To update the Web Risk lists in the local database, send an HTTP
GET
request to the
threatLists.computeDiff
method:
- The HTTP
GET
request includes the name of the list to be updated along with client constraints to account for memory and bandwidth limitations. - The HTTP
GET
response returns either a full update or a partial update. The response could also return a recommended wait time until the next compute diff operation.
Example: threatLists.computeDiff
HTTP GET request
In the following example, the diffs for the MALWARE Web Risk list are
requested. For more details, see the
threatLists.computeDiff
query parameters
and the explanations that follow the code example.
HTTP method and URL:
GET https://webrisk.googleapis.com/v1/threatLists:computeDiff?threatType=MALWARE&versionToken=Gg4IBBADIgYQgBAiAQEoAQ%3D%3D&constraints.maxDiffEntries=2048&constraints.maxDatabaseEntries=4096&constraints.supportedCompressions=RAW&key=API_KEY
To send your request, choose one of these options:
curl
Execute the following command:
curl -X GET \
"https://webrisk.googleapis.com/v1/threatLists:computeDiff?threatType=MALWARE&versionToken=Gg4IBBADIgYQgBAiAQEoAQ%3D%3D&constraints.maxDiffEntries=2048&constraints.maxDatabaseEntries=4096&constraints.supportedCompressions=RAW&key=API_KEY"
PowerShell
Execute the following command:
$headers = @{ }
Invoke-WebRequest `
-Method GET `
-Headers $headers `
-Uri "https://webrisk.googleapis.com/v1/threatLists:computeDiff?threatType=MALWARE&versionToken=Gg4IBBADIgYQgBAiAQEoAQ%3D%3D&constraints.maxDiffEntries=2048&constraints.maxDatabaseEntries=4096&constraints.supportedCompressions=RAW&key=API_KEY" | Select-Object -Expand Content
You should receive a JSON response similar to the following:
{ "recommendedNextDiff": "2020-01-08T19:41:45.436722194Z", "responseType": "RESET", "additions": { "rawHashes": [ { "prefixSize": 4, "rawHashes": "AArQMQAMoUgAPn8lAE..." } ] }, "newVersionToken": "ChAIARAGGAEiAzAwMSiAEDABEPDyBhoCGAlTcIVL", "checksum": { "sha256": "wy6jh0+MAg/V/+VdErFhZIpOW+L8ulrVwhlV61XkROI=" } }
Java
Python
Web Risk lists
The threatType
field identifies the Web Risk list. In the
example, the diffs for the MALWARE Web Risk list are requested.
Version token
The versionToken
field holds the current client state of the
Web Risk list.
Version Tokens are returned in the newVersionToken
field of the
threatLists.computeDiff response.
For initial updates, leave the versionToken
field empty.
Size constraints
The maxDiffEntries
field specifies the total number of updates that the
client can manage (in the example, 2048). The maxDatabaseEntries
field
specifies the total number of entries the local database can manage (in the
example, 4096). Clients should set size constraints to protect memory and
bandwidth limitations and to safeguard against list growth. For
more information, see Update Constraints).
Supported compressions
The supportedCompressions
field lists the compression types the client
supports. In the example, the client supports only raw, uncompressed data.

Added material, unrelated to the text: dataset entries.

(* Let $\mathcal{A}=\{A_1,\dots,A_l\}$ be a finite family of real $n\times n$ matrices, each having a strictly dominant eigenvalue $\lambda_i$. For each $i$ let $\hat r_i$ and $\hat h_i$ be arbitrary nonzero right and left eigenvectors of $A_i$ for $\lambda_i$ (so $A_i\hat r_i=\lambda_i\hat r_i$, $\hat h_i^TA_i=\lambda_i\hat h_i^T$). Construct vectors $\tilde h_1,\dots,\tilde h_l$ and $\tilde r_1,\dots,\tilde r_l$ as follows: $\tilde h_1:=\hat h_1$; for each $k$, $\tilde r_k\in\{\hat r_k,-\hat r_k\}$ is chosen such that $\langle\tilde h_1,\tilde r_k\rangle\ge0$; for each $j>1$, $\tilde h_j\in\{\hat h_j,-\hat h_j\}$ is chosen such that $\langle\tilde h_j,\tilde r_j\rangle\ge0$ (any admissible choice when there is ambiguity). Let $\tilde R\in\mathbb{R}^{n\times l}$ have columns $\tilde r_k$ and $\tilde H\in\mathbb{R}^{l\times n}$ have rows $\tilde h_j^T$, and set $\mathcal{K}_{inner}(\mathcal{A}):=\{\tilde Rp:p\ge0\}$, $\mathcal{K}_{outer}(\mathcal{A}):=\{r:\tilde Hr\ge0\}$. Suppose there exists $R\in\mathbb{R}^{n\times m}$ such that $\{Rp:p\ge0\}$ is a proper cone and for each $i$ there exist $\alpha_i\in\mathbb{R}$ and $P_i\in\mathbb{R}^{m\times m}$ with all entries strictly positive such that $(\alpha_iI+A_i)R=RP_i$. Then $\langle\tilde h_j,\tilde r_k\rangle>0$ for all $j,k$, i.e. $\tilde H\tilde R>0$ entrywise; equivalently, every $r\in\mathcal{K}_{inner}(\mathcal{A})\setminus\{0\}$ lies in $\operatorname{int}(\mathcal{K}_{outer}(\mathcal{A}))$.
   Context: Inequalities between vectors/matrices are entrywise. A proper cone is a set $\mathcal{K}\subseteq\mathbb{R}^n$ closed under nonnegative linear combinations, with nonempty interior, and such that $r\in\mathcal{K}\setminus\{0\}$ implies $-r\notin\mathcal{K}$. A real square matrix $A$ has a strictly dominant eigenvalue if it has a real, algebraically simple eigenvalue $\lambda$ with $\operatorname{Re}\mu<\lambda$ for every other eigenvalue $\mu$. *)

(* Reals modelled by an arbitrary real closed field R. *)
From HB Require Import structures.
From mathcomp Require Import all_boot all_order all_algebra.
Set Implicit Arguments. Unset Strict Implicit. Unset Printing Implicit Defensive.
Import Order.TTheory GRing.Theory Num.Theory.
Local Open Scope ring_scope.

Section Defs.
Variable R : rcfType.

(* Complex numbers modelled as pairs (Re, Im) over R; only used to evaluate
   the characteristic polynomial at complex points. *)
Definition cadd (x y : R * R) : R * R := (x.1 + y.1, x.2 + y.2).
Definition cmul (x y : R * R) : R * R :=
  (x.1 * y.1 - x.2 * y.2, x.1 * y.2 + x.2 * y.1).
Definition ceval (p : {poly R}) (z : R * R) : R * R :=
  foldr (fun c acc => cadd (cmul acc z) (c, 0)) (0, 0) (polyseq p).

(* lam is a real, algebraically simple eigenvalue of A, and every other
   (complex) eigenvalue mu satisfies Re mu < lam. *)
Definition strictly_dominant_eigenvalue (n : nat) (A : 'M[R]_n) (lam : R) : Prop :=
  [/\ eigenvalue A lam,
      ~~ (('X - lam%:P) ^+ 2 %| char_poly A)
    & forall z : R * R, ceval (char_poly A) z = (0, 0) -> z <> (lam, 0) -> z.1 < lam].

Definition dotv (n : nat) (u v : 'cV[R]_n) : R := \sum_(i < n) u i 0 * v i 0.

(* Proper cone (as in the context), interior taken w.r.t. the standard
   (sup-norm) topology of R^n. *)
Definition proper_cone (n : nat) (K : 'cV[R]_n -> Prop) : Prop :=
  [/\ (forall (x y : 'cV[R]_n) (a b : R), K x -> K y -> 0 <= a -> 0 <= b -> K (a *: x + b *: y)),
      (exists x : 'cV[R]_n, exists2 eps : R, 0 < eps &
          forall y : 'cV[R]_n, (forall i, `|y i 0 - x i 0| < eps) -> K y)
    & (forall r, K r -> r != 0 -> ~ K (- r))].

Definition col_cone (n m : nat) (Rm : 'M[R]_(n, m)) : 'cV[R]_n -> Prop :=
  fun x => exists2 p : 'cV[R]_m, (forall a, 0 <= p a 0) & x = Rm *m p.

End Defs.

(* Fix i and write K = {R p : p >= 0}.  Since P_i is entrywise
   positive, Perron's theorem gives rho > 0 and x > 0 with P_i x = rho x; then
   u = R x lies in K, is nonzero because K is pointed, and is an eigenvector
   of A_i for the real eigenvalue rho - alpha_i <= lambda_i.  For a left
   eigenvector h of lambda_i, g = R^T h is a nonzero left eigenvector of P_i
   for alpha_i + lambda_i >= rho, which forces g to be strictly positive or
   strictly negative; hence +h or -h is positive on K \ {0}, <h, u> <> 0,
   rho - alpha_i = lambda_i and the right eigenspace of lambda_i is spanned by
   u, so rhat_i = +-(a nonzero vector of K).  The sign conventions of the
   tilde construction then orient all vectors consistently with h~_1. *)

From HB Require Import structures.
From mathcomp Require Import all_boot all_order all_algebra.
From mathcomp Require Import ring lra.
From mathcomp Require polyrcf.
Set Implicit Arguments. Unset Strict Implicit. Unset Printing Implicit Defensive.
Import Order.TTheory GRing.Theory Num.Theory.
Local Open Scope ring_scope.

Section Positivity.
Variable R : rcfType.

Lemma sum_gt0_witness (I : finType) (F : I -> R) a :
  (forall i, 0 <= F i) -> 0 < F a -> 0 < \sum_i F i.
Proof. by move=> F_ge0 Fa_gt0; rewrite (bigD1 a) //= ltr_pwDl // sumr_ge0. Qed.

Lemma cV_nz_entry k (x : 'cV[R]_k) : x != 0 -> exists a, x a 0 != 0.
Proof.
move=> x_nz; apply/existsP; apply: contraNT x_nz => /existsPn x0.
by apply/eqP/matrixP => i j; rewrite ord1 mxE; apply/eqP/negPn.
Qed.

Lemma pos_dot_gt0 k (g p : 'cV[R]_k) : (forall a, 0 < g a 0) ->
  (forall a, 0 <= p a 0) -> p != 0 -> 0 < \sum_a g a 0 * p a 0.
Proof.
move=> g_gt0 p_ge0 /cV_nz_entry [a pa_nz].
apply: (sum_gt0_witness (a := a)) => [i|]; first by rewrite mulr_ge0 // ltW.
by rewrite mulr_gt0 // lt_neqAle eq_sym pa_nz p_ge0.
Qed.

Lemma nonneg_row_le k (b : 'rV[R]_k) (w w' : 'cV[R]_k) : (forall j, 0 <= b 0 j) ->
  (forall i, w i 0 <= w' i 0) -> (b *m w) 0 0 <= (b *m w') 0 0.
Proof. by move=> b_ge0 le_ww'; rewrite !mxE ler_sum // => j _; rewrite ler_wpM2l. Qed.

Lemma ratio_lb k (u v : 'cV[R]_k) : (forall i, 0 < u i 0) -> (forall i, 0 < v i 0) ->
  exists2 c, 0 < c & forall i, c * u i 0 <= v i 0.
Proof.
case: k u v => [|k] u v u_gt0 v_gt0; first by exists 1 => // -[].
pose i0 := [arg min_(i < ord0) (v i 0 / u i 0)]%O.
exists (v i0 0 / u i0 0); first by rewrite divr_gt0.
by move=> i; rewrite -ler_pdivlMr // /i0; case: arg_minP => // j _; apply.
Qed.

(* A matrix N such that N w >= 0 forces w >= 0 is invertible:
   both a kernel vector and its opposite would be nonnegative. *)
Lemma nonneg_reflecting_unitmx k (N : 'M[R]_k) :
  (forall w : 'cV_k, (forall i, 0 <= (N *m w) i 0) -> forall i, 0 <= w i 0) ->
  N \in unitmx.
Proof.
move=> N_refl; rewrite unitmxE unitfE -det_tr; apply/negP => /det0P [v v_nz vN].
have Nv : N *m v^T = 0 by rewrite -[N]trmxK -trmx_mul vN trmx0.
have v_ge0 : forall i, 0 <= v^T i 0 by apply: N_refl => i; rewrite Nv mxE.
have v_le0 : forall i, 0 <= (- v^T) i 0.
  by apply: N_refl => i; rewrite mulmxN Nv oppr0 mxE.
move/negP: v_nz; apply; apply/eqP/matrixP => i j; rewrite ord1 mxE.
have := v_ge0 j; have := v_le0 j; rewrite !mxE; lra.
Qed.

End Positivity.

(* This brackets the Perron root in the induction step. *)
Section Bracket.
Variable R : rcfType.

Lemma fixed_point_bracket (f : R -> R) (r0 a K1 K2 : R) :
  0 <= r0 -> 0 <= a -> 0 < K1 -> 0 <= K2 ->
  (forall t, r0 < t -> K1 / (t - r0) <= f t <= a + K2 / (t - r0)) ->
  exists t1 t2, [/\ r0 < t1, t1 <= t2, t1 < f t1 & f t2 < t2].
Proof.
move=> r0_ge0 a_ge0 K1_gt0 K2_ge0 f_bd.
have den_gt0 : 0 < K1 + r0 + 1 by rewrite addr_gt0 // ltr_wpDr.
pose d := K1 / (K1 + r0 + 1).
have d_gt0 : 0 < d by rewrite divr_gt0.
have d_lt1 : d < 1 by rewrite ltr_pdivrMr // mul1r -addrA ltr_pwDr // ltr_wpDl.
exists (r0 + d), (r0 + a + K2 + 1); split; [lra | lra | |].
- have /andP [+ _] := f_bd (r0 + d) ltac:(lra).
  have -> : K1 / (r0 + d - r0) = K1 + r0 + 1.
    by rewrite addrC addKr /d invf_div mulrCA divff ?mulr1 // gt_eqF.
  lra.
- have /andP [_] := f_bd (r0 + a + K2 + 1) ltac:(lra).
  have : K2 / (r0 + a + K2 + 1 - r0) <= K2.
    by rewrite ler_pdivrMr; [nra | lra].
  lra.
Qed.

End Bracket.

Section Eigenvalues.
Variable R : rcfType.

Lemma ceval_real (p : {poly R}) x : ceval p (x, 0) = (p.[x], 0).
Proof.
rewrite /ceval /horner; elim: (polyseq p) => //= c s ->.
by rewrite /cadd /cmul /=; congr pair; ring.
Qed.

Lemma char_poly_tr n (A : 'M[R]_n) : char_poly A^T = char_poly A.
Proof.
rewrite /char_poly -det_tr; congr (\det _).
by apply/matrixP => i j; rewrite !mxE eq_sym.
Qed.

(* Eigenvalues with a right eigenvector are roots of the characteristic
   polynomial (the library states this for left eigenvectors). *)
Lemma right_eigen_root n (A : 'M[R]_n) (u : 'cV[R]_n) mu :
  u != 0 -> A *m u = mu *: u -> root (char_poly A) mu.
Proof.
move=> u_nz Au; rewrite -char_poly_tr -eigenvalue_root_char.
by apply/eigenvalueP; exists u^T; rewrite ?trmx_eq0 // -trmx_mul Au linearZ.
Qed.

Lemma dominant_real_root_le n (A : 'M[R]_n) lam mu :
  strictly_dominant_eigenvalue A lam -> root (char_poly A) mu -> mu <= lam.
Proof.
case=> _ _ dom /rootP root_mu; rewrite le_eqVlt; apply/orP.
have [->|ne_mu_lam] := eqVneq mu lam; [by left | right].
have := dom (mu, 0); rewrite ceval_real root_mu; apply=> //.
by case=> /eqP; rewrite (negPf ne_mu_lam).
Qed.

Web Risk, however, supports additional compression types. For more
information, see Compression.
HTTP GET response
In this example, the response returns a partial update for the Web Risk list using the requested compression type.
Response body
The response body includes the diffs information (the response type, the additions and removals to be applied to the local database, the new version token, and a checksum).
In the example, the response also includes a
recommended next diff time. For more details, see the
threatLists.computeDiff
response body
and the explanations that follow the code example.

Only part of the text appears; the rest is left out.